2. The area included most of Massachusetts.
3. The statements were that (1) Deere had been poorly represented previously; (2) Deere had “an acceptable and complete product line” and would provide adequate support; and (3) Doering would be able to achieve profitability within three years.
4. The judge denied Doering's motion for partial summary judgment, and granted summary judgment to Deere as to liability (contingent upon Deere's submission of a certified record of its filing with the Secretary of the Commonwealth in accordance with G.L. c. 181, § 4) on the counterclaim.
5. Doering has not identified or argued, at least since the first summary judgment motion, any breach by Deere of the contract or the implied covenant of good faith occurring during the prior three-year period. Furthermore, it certainly has not alleged a breach during that three-year period causally connected to these losses, and not covered by the limitation of damages provision in the contract.
6. We recognize that a “party standing in breach cannot insist on mathematical precision in the measurement of damages, and may expect some lack of sympathy when he claims that the loss would have been suffered even if breach had not occurred.” Gilmore v.
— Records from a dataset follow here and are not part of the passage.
(* For every edge uw there are leaves x1, x2 on the u-side such that, for
   every edge pq, u stays connected to one of them, and to both of them
   unless it stays connected to each vertex on the w-side.  (If u is a
   leaf, x1 = x2 = u.) *)
Lemma leaves_at_end u w : e u w -> exists x1 x2, [/\ deg e x1 = 1, deg e x2 = 1,
  connect (cut [set u; w]) u x1, connect (cut [set u; w]) u x2 &
  forall p q, e p q ->
    (connect (cut [set p; q]) u x1 || connect (cut [set p; q]) u x2) /\
    forall z, side u w z ->
      (connect (cut [set p; q]) u x1 || connect (cut [set p; q]) u z) &&
      (connect (cut [set p; q]) u x2 || connect (cut [set p; q]) u z)].
Proof.
move=> euw; case: (eqVneq (deg e u) 1) => [du | du].
  exists u, u; split => //; try exact: connect0.
  by move=> p q epq; split => [|z _]; rewrite connect0.
have [n1 [n2 [e1 e2 n12]]] : exists n1 n2,
    [/\ e u n1, e u n2, n1 != n2, n1 \notin [set w] & n2 \notin [set w]].
  by apply: nbr_avoid2; rewrite cards1 (deg3 euw du).
rewrite !inE => n1w n2w.
have [x1 [dx1 s1]] := leaf_exists e1; have [x2 [dx2 s2]] := leaf_exists e2.
have x1u := leaf_neq dx1 du; have x2u := leaf_neq dx2 du.
have u_side x n : x != u -> e u n -> n != w -> side u n x ->
    connect (cut [set u; w]) u x.
  move=> xu eun nw sx; case/orP: (cut_two_sides u w x) => // wx.
  by have := branch_uniq xu euw eun wx sx => wn; rewrite wn eqxx in nw.
exists x1, x2; split => //; [exact: u_side s1 | exact: u_side s2 |].
move=> p q epq; split; first exact: (far_two epq x2u e1 e2 n12 s1 s2).
move=> z sz.
have zu : z != u.
  by apply: contraTneq sz => ->; rewrite /side cut_connect_sym (negbTE (cut_ends euw)).
by rewrite (far_two epq zu e1 euw n1w s1 sz) (far_two epq zu e2 euw n2w s2 sz).
Qed.
(* Let $G=([n],E)$ be a connected simple graph with $n\ge2$, vertex degrees $d_i$, and $\mathsf{B}_G=\{d_j^{-1/2}E_{i,j},\ d_i^{-1/2}E_{j,i} : \{i,j\}\in E\}$. Then (1) $G$ has an independent set of size $s$ if and only if $\mathsf{B}_G$ has an isotropic space of dimension $s$; (2) $G$ has a vertex $c$-coloring (partition of $[n]$ into $c$ independent sets) if and only if $\mathsf{B}_G$ has an isotropic $c$-decomposition.
   Context: $E_{i,j}$ is the matrix with $(i,j)$ entry $1$ and others $0$. For a finite set $\mathsf{B}\subseteq\mathrm{M}(n,\mathbb{C})$, an isotropic space is a subspace $U\le\mathbb{C}^n$ with $u^\dagger Bu'=0$ for all $u,u'\in U$ and all $B\in\mathsf{B}$ ($\dagger$ = conjugate transpose). An isotropic $c$-decomposition of $\mathsf{B}$ is an orthogonal (w.r.t. the standard Hermitian inner product) direct sum decomposition $\mathbb{C}^n=U_1\oplus\cdots\oplus U_c$ into $c$ nonzero isotropic spaces of $\mathsf{B}$. *)

From HB Require Import structures.
From mathcomp Require Import all_boot all_order all_algebra.
Set Implicit Arguments. Unset Strict Implicit. Unset Printing Implicit Defensive.
Import Order.TTheory GRing.Theory Num.Theory.
Local Open Scope ring_scope.
Lemma Fbig_locally_Fpiece j x : in_piece j x -> locally x (fun y => Fpiece j y = Fbig m y).
Proof.
intros [Hr Hl]. pose proof (hpos (S j)).
destruct j as [|k].
- apply (locally_interval _ x m_infty (Ssum m 1 + m 1%nat / 16)); [exact I | simpl in *; lra |].
  intros y _ Hy. destruct (Rle_or_lt y 0).
  + symmetry. apply Fbig_nonpos. auto.
  + symmetry. apply Fbig_Fpiece_right. simpl in *. lra.
- destruct Hl as [|Hl]; [discriminate|]. pose proof (hpos k).
  apply (locally_interval _ x (Ssum m (S k) - m k / 16) (Ssum m (S (S k)) + m (S (S k)) / 16));
    [simpl in *; lra | simpl in *; lra |].
  intros y Hy1 Hy2. simpl in Hy1, Hy2. destruct (Rle_or_lt y (Ssum m (S k))).
  + pose proof (hpos (S k)).
    rewrite (Fbig_Fpiece k y) by (simpl in *; lra).
    symmetry. apply Fpiece_succ. simpl in *. lra.
  + symmetry. apply Fbig_Fpiece_right. simpl in *. lra.
Qed.

Lemma Fbig_eq_Fpiece j x : in_piece j x -> Fbig m x = Fpiece j x.
Proof. intros Hx. symmetry. exact (locally_singleton _ _ (Fbig_locally_Fpiece j x Hx)). Qed.

Lemma is_derive_Fpiece j y : is_derive (Fpiece j) y (dprofile ((y - Ssum m j) / m j)).
Proof.
unfold Fpiece. pose proof (hpos j). auto_derive.
- eexists. apply is_derive_profile.
- rewrite (is_derive_unique _ _ _ (is_derive_profile _)).
  replace ((y + - Ssum m j) * / m j) with ((y - Ssum m j) / m j) by (unfold Rdiv, Rminus; ring).
  field. lra.
Qed.

Lemma is_derive_Fbig j x : in_piece j x ->
  is_derive (Fbig m) x (dprofile ((x - Ssum m j) / m j)).
Proof.
intros Hx. apply (is_derive_ext_loc (Fpiece j)).
- apply Fbig_locally_Fpiece. exact Hx.
- apply is_derive_Fpiece.
Qed.

Lemma Derive_Fbig_lipschitz_piece j :
  lipschitz_on (in_piece j) (Derive (Fbig m)) (2 * Cphi / m j).
Proof.
intros y z Hy Hz. pose proof (hpos j).
rewrite (is_derive_unique _ _ _ (is_derive_Fbig j y Hy)),
        (is_derive_unique _ _ _ (is_derive_Fbig j z Hz)).
eapply Rle_trans; [apply dprofile_lipschitz; exact I|].
replace ((y - Ssum m j) / m j - (z - Ssum m j) / m j) with ((y - z) / m j) by (field; lra).
unfold Rdiv. rewrite Rabs_mult, (Rabs_right (/ m j)) by (left; apply Rinv_0_lt_compat; lra).
right. ring.
Qed.

Lemma Derive_Fbig_lipschitz_below N :
  exists L, lipschitz_on (fun y => y <= Ssum m (S N)) (Derive (Fbig m)) L.
Proof.
induction N as [|N [L HL]].
- exists (2 * Cphi / m O).
  apply (lipschitz_on_weaken (in_piece O) _ _ (2 * Cphi / m O)).
  + intros y Hy. split; [exact Hy | left; reflexivity].
  + apply Rle_refl.
  + apply Derive_Fbig_lipschitz_piece.
- exists (Rmax L (2 * Cphi / m (S N))).
  apply (lipschitz_on_weaken (fun y => y <= Ssum m (S N) \/ in_piece (S N) y) _ _
           (Rmax L (2 * Cphi / m (S N)))); [intros y Hy; unfold in_piece; lra | apply Rle_refl |].
  apply (lipschitz_on_glue _ _ _ _ (Ssum m (S N))).
  + intros y Hy. exact Hy.
  + intros z [_ [Hz|Hz]]; [discriminate | exact Hz].
  + apply Rle_refl.
  + split; [simpl; pose proof (hpos (S N)); lra | right; apply Rle_refl].
  + eapply lipschitz_on_weaken; [intros y Hy; exact Hy | apply Rmax_l | exact HL].
  + eapply lipschitz_on_weaken; [intros y Hy; exact Hy | apply Rmax_r |].
    apply Derive_Fbig_lipschitz_piece.
Qed.

Lemma Fbig_Ssum j : Fbig m (Ssum m j) = Ssum m j / 2.
Proof.
pose proof (hpos j).
rewrite (Fbig_eq_Fpiece j) by (split; [simpl; lra | right; apply Rle_refl]).
unfold Fpiece. rewrite Rminus_diag, Rdiv_0_l, profile_left by lra. ring.
Qed.

Lemma is_derive_Fbig_Ssum j : is_derive (Fbig m) (Ssum m j) (-1).
Proof.
pose proof (hpos j). rewrite <- dprofile_0, <- (Rdiv_0_l (m j)), <- (Rminus_diag (Ssum m j)).
apply is_derive_Fbig. split; [simpl; lra | right; apply Rle_refl].
Qed.
(* For every infinite cardinal $\theta$ the following are equivalent: (1) $\theta<\mathfrak{r}$. (2) For every singular cardinal $\kappa$ of countable cofinality and every set $A\subseteq[\kappa]^\omega$ consisting of cofinal subsets of $\kappa$ with $|A|\le\theta$, there is $E\subseteq\kappa$ such that for every $a\in A$, both $a\cap E$ and $a\setminus E$ are infinite. (3) There is a singular cardinal $\kappa$ of countable cofinality such that for every set $A\subseteq[\kappa]^\omega$ consisting of cofinal subsets of $\kappa$ with $|A|\le\theta$, there is $E\subseteq\kappa$ such that for every $a\in A$, both $a\cap E$ and $a\setminus E$ are infinite.
   Context: The reaping number $\mathfrak{r}$ is the least cardinality of a set $A\subseteq[\omega]^\omega$ such that for every $b\in[\omega]^\omega$ there is $a\in A$ with $a\setminus b$ or $a\cap b$ finite. *)

From HB Require Import structures.
From mathcomp Require Import all_boot all_order all_algebra.
From mathcomp Require Import all_classical.
Set Implicit Arguments. Unset Strict Implicit. Unset Printing Implicit Defensive.

Local Open Scope classical_set_scope.
Local Open Scope card_scope.

Definition infsub_nat (a : set nat) : Prop := infinite_set a.

Definition reaping_family (A : set (set nat)) : Prop :=
  (forall a, A a -> infsub_nat a) /\
  forall b, infsub_nat b ->
    exists2 a, A a & (finite_set (a `\` b) \/ finite_set (a `&` b)).

(* theta < r, where r is the least cardinality of a reaping family and the
   infinite cardinal theta is given as the cardinality of the type Theta:
   no reaping family has cardinality <= theta. *)
Definition lt_reaping (Theta : Type) : Prop :=
  forall A : set (set nat), reaping_family A -> ~ (A #<= [set: Theta]).

Definition strict_well_order (K : Type) (lt : K -> K -> Prop) : Prop :=
  (forall x, ~ lt x x) /\
  (forall x y z, lt x y -> lt y z -> lt x z) /\
  (forall x y, lt x y \/ x = y \/ lt y x) /\
  well_founded lt.

(* (K, lt) represents a cardinal kappa: a well-order (the von Neumann ordinal
   kappa up to isomorphism) all of whose proper initial segments have strictly
   smaller cardinality than K (initial ordinal). *)
Definition is_cardinal (K : Type) (lt : K -> K -> Prop) : Prop :=
  strict_well_order lt /\
  forall x : K, ~ ([set: K] #<= [set y | lt y x]).

Definition cofinal (K : Type) (lt : K -> K -> Prop) (a : set K) : Prop :=
  forall x : K, exists2 y, a y & lt x y.

Definition cof_omega (K : Type) (lt : K -> K -> Prop) : Prop :=
  exists f : nat -> K, (forall n, lt (f n) (f n.+1)) /\ cofinal lt (range f).

Definition singular_cof_omega (K : Type) (lt : K -> K -> Prop) : Prop :=
  is_cardinal lt /\ cof_omega lt /\ ~ ([set: K] #<= [set: nat]).

Definition ctbl_inf (K : Type) (a : set K) : Prop :=
  countable a /\ infinite_set a.

Definition cofinal_split_prop (Theta K : Type) (lt : K -> K -> Prop) : Prop :=
  forall A : set (set K),
    (forall a, A a -> ctbl_inf a /\ cofinal lt a) ->
    A #<= [set: Theta] ->
    exists E : set K, forall a, A a ->
      infinite_set (a `&` E) /\ infinite_set (a `\` E).

From Stdlib Require Eqdep_dec PeanoNat.
From mathcomp Require Import all_boot all_order all_algebra all_classical.
From mathcomp Require Import zify wochoice.
Set Implicit Arguments. Unset Strict Implicit. Unset Printing Implicit Defensive.
Local Open Scope classical_set_scope.
Local Open Scope card_scope.

(** A strictly increasing cofinal sequence [f : nat -> K] translates between
    cofinal subsets of [K] and infinite subsets of [nat]: [r] goes to the
    countable cofinal set [f @` r], and a cofinal [a] goes to the infinite set
    of the indices [index_above x], [x \in a], where [x < f (index_above x)].
    A set splitting the translated set pulls back to one splitting the original,
    so for every [K] of countable cofinality the splitting property for cofinal
    subsets of [K] is equivalent to the one for infinite subsets of [nat], that
    is, to [theta < r].  A singular cardinal of countable cofinality exists,
    e.g. beth_omega. *)

Lemma infinite_natP (A : set nat) :
  infinite_set A <-> forall N, exists2 n, A n & (N <= n)%N.
Proof.
split=> [Ainf N | Aunb /finite_fsetP[X defA]].
  apply: contrapT => Abounded; apply: Ainf.
  apply: sub_finite_set (finite_II N) => n An /=; rewrite ltnNge.
  by apply/negP => Nn; apply: Abounded; exists n.
have [n + Nn] := Aunb (\max_(i <- finmap.enum_fset X) i).+1; rewrite defA /= => Xn.
by move: Nn; rewrite ltnNge => /negP; apply; exact: (@leq_bigmax_seq _ _ predT id n Xn).
Qed.

Lemma card_le_inj T U (A : set T) (B : set U) (f : T -> U) :
  set_fun A B f -> set_inj A f -> A #<= B.
Proof.
move=> fAB finj; have [g] : $|{injfun A >-> B}| by apply/injfunPex; exists f.
exact: inj_card_le.
Qed.

Lemma not_card_le_powerset X : ~ ([set: set X] #<= [set: X]).
Proof.
move=> /pcard_surjP[g gsurj]; have [x _ gx] := gsurj [set x | ~ g x x] I.
have diag : g x x <-> ~ g x x by rewrite {1}gx.
have ngxx : ~ g x x by move=> gxx; exact: (diag.1 gxx gxx).
exact: (ngxx (diag.2 ngxx)).
Qed.

Section StrictWellOrder.
Variables (T : eqType) (R : rel T).
Hypothesis R_wo : well_order R.

Let R_wo_chain : wo_chain R predT. Proof. by move=> A _; exact: R_wo. Qed.

Let R_anti x y : R x y -> R y x -> x = y.
Proof. by move=> Rxy Ryx; apply: (wo_chain_antisymmetric R_wo_chain); rewrite ?Rxy. Qed.

Lemma well_order_trans : transitive R.
Proof.
move=> y x z Rxy Ryz.
have [|w [[w_xyz lbw] _]] := R_wo (A := [pred u | [|| u == x, u == y | u == z]]).
  by exists x; rewrite inE eqxx.
have {}lbw u : [|| u == x, u == y | u == z] -> R w u by move=> ?; exact: lbw.
move: w_xyz; rewrite inE => /or3P[] /eqP ew; subst w.
- by apply: lbw; rewrite eqxx !orbT.
- by rewrite (R_anti Rxy (lbw x _)) // eqxx.
- by rewrite -(R_anti Ryz (lbw y _)) // eqxx orbT.
Qed.

Lemma well_order_strict : strict_well_order (fun x y => R x y /\ x <> y).
Proof.
split; [by move=> x [] | split; [|split]].
- move=> x y z [Rxy nxy] [Ryz nyz]; split; first exact: well_order_trans Ryz.
  by move=> exz; subst z; apply: nxy; exact: R_anti.
- move=> x y; have [->|nxy] := pselect (x = y); first by right; left.
  have /orP[Rxy|Ryx] := wo_chainW R_wo_chain (isT : x \in predT) (isT : y \in predT);
    [left | right; right]; split=> // e; apply: nxy; by rewrite e.
- move=> x; apply: contrapT => nAx.
  pose not_acc := [pred y | `[< ~ Acc (fun x y => R x y /\ x <> y) y >]].
  have [|z [[/asboolP nAz lbz] _]] := R_wo (A := not_acc); first by exists x; apply/asboolP.
  apply: nAz; constructor => y [Ryz nyz]; apply: contrapT => nAy.
  by apply: nyz; apply: R_anti Ryz (lbz y _); apply/asboolP.
Qed.

End StrictWellOrder.

Section RankLex.
Variables (T : Type) (rank : T -> nat) (lt0 : T -> T -> Prop).

Definition rank_lex (x y : T) : Prop :=
  (rank x < rank y)%N \/ rank x = rank y /\ lt0 x y.

Lemma rank_lex_le x y : rank_lex x y -> (rank x <= rank y)%N.
Proof. by case=> [/ltnW|[->]]. Qed.

Lemma rank_lex_swo : strict_well_order lt0 -> strict_well_order rank_lex.
Proof.
move=> [lt0xx [lt0_trans [lt0_total lt0_wf]]].
split; [|split; [|split]].
- by move=> x [|[_ /lt0xx]] //; rewrite ltnn.
- move=> x y z [xy|[exy xy]] [yz|[eyz yz]]; [left; lia | left; lia | left; lia |].
  by right; split; [rewrite exy | exact: lt0_trans xy yz].
- move=> x y; case: (ltngtP (rank x) (rank y)) => [xy|yx|exy].
  + by left; left.
  + by right; right; left.
  by case: (lt0_total x y) => [xy|[->|yx]]; [left; right | right; left | right; right; right].
- suff Acc_rank n x : rank x = n -> Acc rank_lex x by move=> x; exact: Acc_rank.
  elim/ltn_ind: n x => n IHn x; elim/(well_founded_induction lt0_wf): x => x IHx rx.
  constructor=> y [ryx|[ryx lt0yx]]; first by apply: (IHn (rank y)) => //; rewrite -rx.
  by apply: IHx; rewrite ?ryx.
Qed.

End RankLex.

Definition splits T (E a : set T) : Prop :=
  infinite_set (a `&` E) /\ infinite_set (a `\` E).

Definition nat_split_prop (Theta : Type) : Prop :=
  forall R : set (set nat), (forall r, R r -> infinite_set r) ->
    R #<= [set: Theta] -> exists E : set nat, forall r, R r -> splits E r.

Lemma splits_preimage T U (g : T -> U) (E : set U) (a : set T) :
  splits E (g @` a) -> splits (g @^-1` E) a.
Proof.
move=> [IaE DaE]; split=> fin; [apply: IaE | apply: DaE];
  apply: sub_finite_set (finite_image g fin) => _ [[x ax <-] Ex]; by exists x.
Qed.

Lemma lt_reapingE Theta : lt_reaping Theta <-> nat_split_prop Theta.
Proof.
split=> [Hr R Rinf RT | Hs R [Rinf Rreap] RT].
  apply: contrapT => nosplit; apply: (Hr R) RT; split=> // b binf.
  apply: contrapT => noreap; apply: nosplit; exists b => r Rr.
  by split=> fin; apply: noreap; exists r => //; [right | left].
have [E HE] := Hs R Rinf RT.
have [r0 Rr0 _] := Rreap setT infinite_nat.
have Einf : infsub_nat E by apply: sub_infinite_set (HE r0 Rr0).1; apply: subIsetr.
have [r Rr [fin|fin]] := Rreap E Einf; have [IrE DrE] := HE r Rr;
  by [apply: DrE | apply: IrE].
Qed.

Section CofinalSequence.
Variables (K : Type) (lt : K -> K -> Prop) (f : nat -> K).
Hypotheses (ltxx : forall x, ~ lt x x)
  (lt_trans : forall x y z, lt x y -> lt y z -> lt x z)
  (f_lt : forall n, lt (f n) (f n.+1)) (f_cofinal : cofinal lt (range f)).

Lemma f_lt_mono m n : (m < n)%N -> lt (f m) (f n).
Proof.
elim: n => [//|n IHn]; rewrite ltnS leq_eqVlt => /orP[/eqP->|/IHn fmn].
  exact: f_lt.
exact: lt_trans fmn (f_lt n).
Qed.

Lemma f_inj : injective f.
Proof.
by move=> m n fmn; apply/eqP; case: ltngtP => // /f_lt_mono; rewrite fmn => /ltxx.
Qed.

Lemma cofinal_image r : infinite_set r -> cofinal lt (f @` r).
Proof.
move=> /infinite_natP r_unb x; have [_ [m _ <-] xfm] := f_cofinal x.
have [n rn mn] := r_unb m.+1; exists (f n); first by exists n.
exact: lt_trans xfm (f_lt_mono mn).
Qed.

Lemma ctbl_inf_image r : infinite_set r -> ctbl_inf (f @` r).
Proof.
move=> rinf; split; first exact: card_le_trans (card_image_le f r) (card_leT r).
by rewrite (eq_finite_set (inj_card_eq (in2W f_inj))).
Qed.

Lemma ex_lt_f x : exists n, lt x (f n).
Proof. by have [_ [n _ <-] xfn] := f_cofinal x; exists n. Qed.

Definition index_above (x : K) : nat := sval (cid (ex_lt_f x)).

Lemma lt_index_above x : lt x (f (index_above x)).
Proof. exact: svalP (cid (ex_lt_f x)). Qed.

Lemma infinite_index_above a : cofinal lt a -> infinite_set (index_above @` a).
Proof.
move=> acof; apply/infinite_natP => N; have [x ax fNx] := acof (f N).
exists (index_above x); first by exists x.
rewrite leqNgt; apply/negP => /f_lt_mono fifN.
exact: ltxx (lt_trans fNx (lt_trans (lt_index_above x) fifN)).
Qed.

Lemma cofinal_split_propE Theta : cofinal_split_prop Theta lt <-> nat_split_prop Theta.
Proof.
split=> [Ksplit R Rinf RT | Nsplit A Acof AT].
  have [|E HE] := Ksplit [set f @` r | r in R] _ (card_le_trans (card_image_le _ _) RT).
    by move=> _ [r Rr <-]; split; [apply: ctbl_inf_image | apply: cofinal_image]; exact: Rinf.
  by exists (f @^-1` E) => r Rr; apply: splits_preimage; apply: HE; exists r.
have [|E HE] := Nsplit [set index_above @` a | a in A] _
                       (card_le_trans (card_image_le _ _) AT).
  by move=> _ [a Aa <-]; apply: infinite_index_above; exact: (Acof a Aa).2.
by exists (index_above @^-1` E) => a Aa; apply: splits_preimage; apply: HE; exists a.
Qed.

End CofinalSequence.

(** The points below one of level [n] embed in
    [stage n], whose powerset embeds in [beth_omega]: by Cantor no proper
    initial segment is as large as [beth_omega]. *)
Fixpoint stage (n : nat) : Type :=
  match n with 0 => nat | m.+1 => (stage m + set (stage m))%type end.

Definition level (n : nat) : Type :=
  match n with 0 => nat | m.+1 => set (stage m) end.

Definition beth_omega : Type := {n : nat & level n}.

Definition rank (p : beth_omega) : nat := projT1 p.

Definition level_default (n : nat) : level n :=
  match n with 0 => 0%N | m.+1 => set0 end.

Definition level_val (n : nat) (p : beth_omega) : level n :=
  let: existT k y := p in
  match PeanoNat.Nat.eq_dec k n with
  | left e => eq_rect k level y n e
  | right _ => level_default n
  end.

Lemma level_val_inj n p q :
  rank p = n -> rank q = n -> level_val n p = level_val n q -> p = q.
Proof.
case: p => k y; case: q => k' y' /= rp rq; subst k k'; rewrite /level_val.
case: (PeanoNat.Nat.eq_dec n n) => [e|//].
by rewrite (Eqdep_dec.UIP_dec PeanoNat.Nat.eq_dec e erefl) /= => ->.
Qed.

Fixpoint to_stage (n : nat) : beth_omega -> stage n :=
  match n return beth_omega -> stage n with
  | 0 => level_val 0
  | m.+1 => fun p =>
      if rank p == m.+1 then inr (level_val m.+1 p) else inl (to_stage m p)
  end.

Lemma to_stage_inj n p q :
  (rank p <= n)%N -> (rank q <= n)%N -> to_stage n p = to_stage n q -> p = q.
Proof.
elim: n => [|n IHn] pn qn.
  by move/(@level_val_inj 0); apply; lia.
rewrite /=; case: eqP => [rp|rp]; case: eqP => [rq|rq] //.
- by move=> [] /(level_val_inj rp rq).
- by move=> [] /IHn; apply; lia.
Qed.

Definition beth_wo : rel (classicType beth_omega) :=
  sval (well_ordering_principle (classicType beth_omega)).

Lemma beth_woP : well_order beth_wo.
Proof. exact: svalP (well_ordering_principle (classicType beth_omega)). Qed.

Definition beth_lt : beth_omega -> beth_omega -> Prop :=
  rank_lex rank (fun p q => beth_wo p q /\ p <> q).

Lemma beth_lt_swo : strict_well_order beth_lt.
Proof. exact: rank_lex_swo (well_order_strict beth_woP). Qed.

Lemma powerset_stage_card_le n : [set: set (stage n)] #<= [set: beth_omega].
Proof.
apply: (@card_le_inj _ _ _ _ (existT level n.+1)) => // s t _ _.
exact: Eqdep_dec.inj_pair2_eq_dec _ PeanoNat.Nat.eq_dec level n.+1 s t.
Qed.

Lemma initial_segment_card_le x : [set y | beth_lt y x] #<= [set: stage (rank x)].
Proof.
apply: (@card_le_inj _ _ _ _ (to_stage (rank x))) => // p q /set_mem px /set_mem qx.
by apply: to_stage_inj; apply: rank_lex_le; [exact: px | exact: qx].
Qed.

Lemma beth_omega_singular : singular_cof_omega beth_lt.
Proof.
split; [split; first exact: beth_lt_swo | split].
- move=> x Kx; apply: (@not_card_le_powerset (stage (rank x))).
  apply: card_le_trans (powerset_stage_card_le _) _.
  exact: card_le_trans Kx (initial_segment_card_le x).
- exists (fun n => existT level n (level_default n)); split=> [n|x]; first by left.
  by exists (existT level (rank x).+1 (level_default _)); [exists (rank x).+1 | left].
- move=> Kn; apply: (@not_card_le_powerset nat).
  exact: card_le_trans (powerset_stage_card_le 0) Kn.
Qed.

Theorem mainTheorem16 (Theta : Type) (Htheta : infinite_set [set: Theta]) :
  (lt_reaping Theta <->
   (forall (K : Type) (lt : K -> K -> Prop),
       singular_cof_omega lt -> cofinal_split_prop Theta lt))
  /\
  (lt_reaping Theta <->
   (exists (K : Type) (lt : K -> K -> Prop),
       singular_cof_omega lt /\ cofinal_split_prop Theta lt)).
Proof.
have splitE K (lt : K -> K -> Prop) :
    singular_cof_omega lt -> cofinal_split_prop Theta lt <-> lt_reaping Theta.
  move=> [[[ltxx [lt_trans _]] _] [[f [f_lt f_cofinal]] _]].
  exact: iff_trans (cofinal_split_propE ltxx lt_trans f_lt f_cofinal Theta)
                   (iff_sym (lt_reapingE Theta)).
split; split.
- by move=> Hr K lt Ksing; apply/(splitE _ _ Ksing).
- by move=> Hall; apply/(splitE _ _ beth_omega_singular)/Hall/beth_omega_singular.
- move=> Hr; exists beth_omega, beth_lt; split; first exact: beth_omega_singular.
  exact/(splitE _ _ beth_omega_singular).
- by move=> [K [lt [Ksing Ksplit]]]; apply/(splitE _ _ Ksing).
Qed.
Century Bank & Trust Co., 20 Mass.App.Ct. 49, 55, 477 N.E.2d 1069 (1985). Therefore, the burden is placed on the breaching party to establish the losses with “reasonable certainty.” Restatement (Second) of Contracts at § 349.
7. As the parties have not addressed the issue, and it is unnecessary to our decision, we do not address whether the contract's limitation of damages provision provides additional support for the rejection of these claims, particularly to the extent they sound in contract and not tort. See note 5, supra; Canal Elec. Co. v. Westinghouse Elec. Corp., 406 Mass. 369, 379, 548 N.E.2d 182 (1990).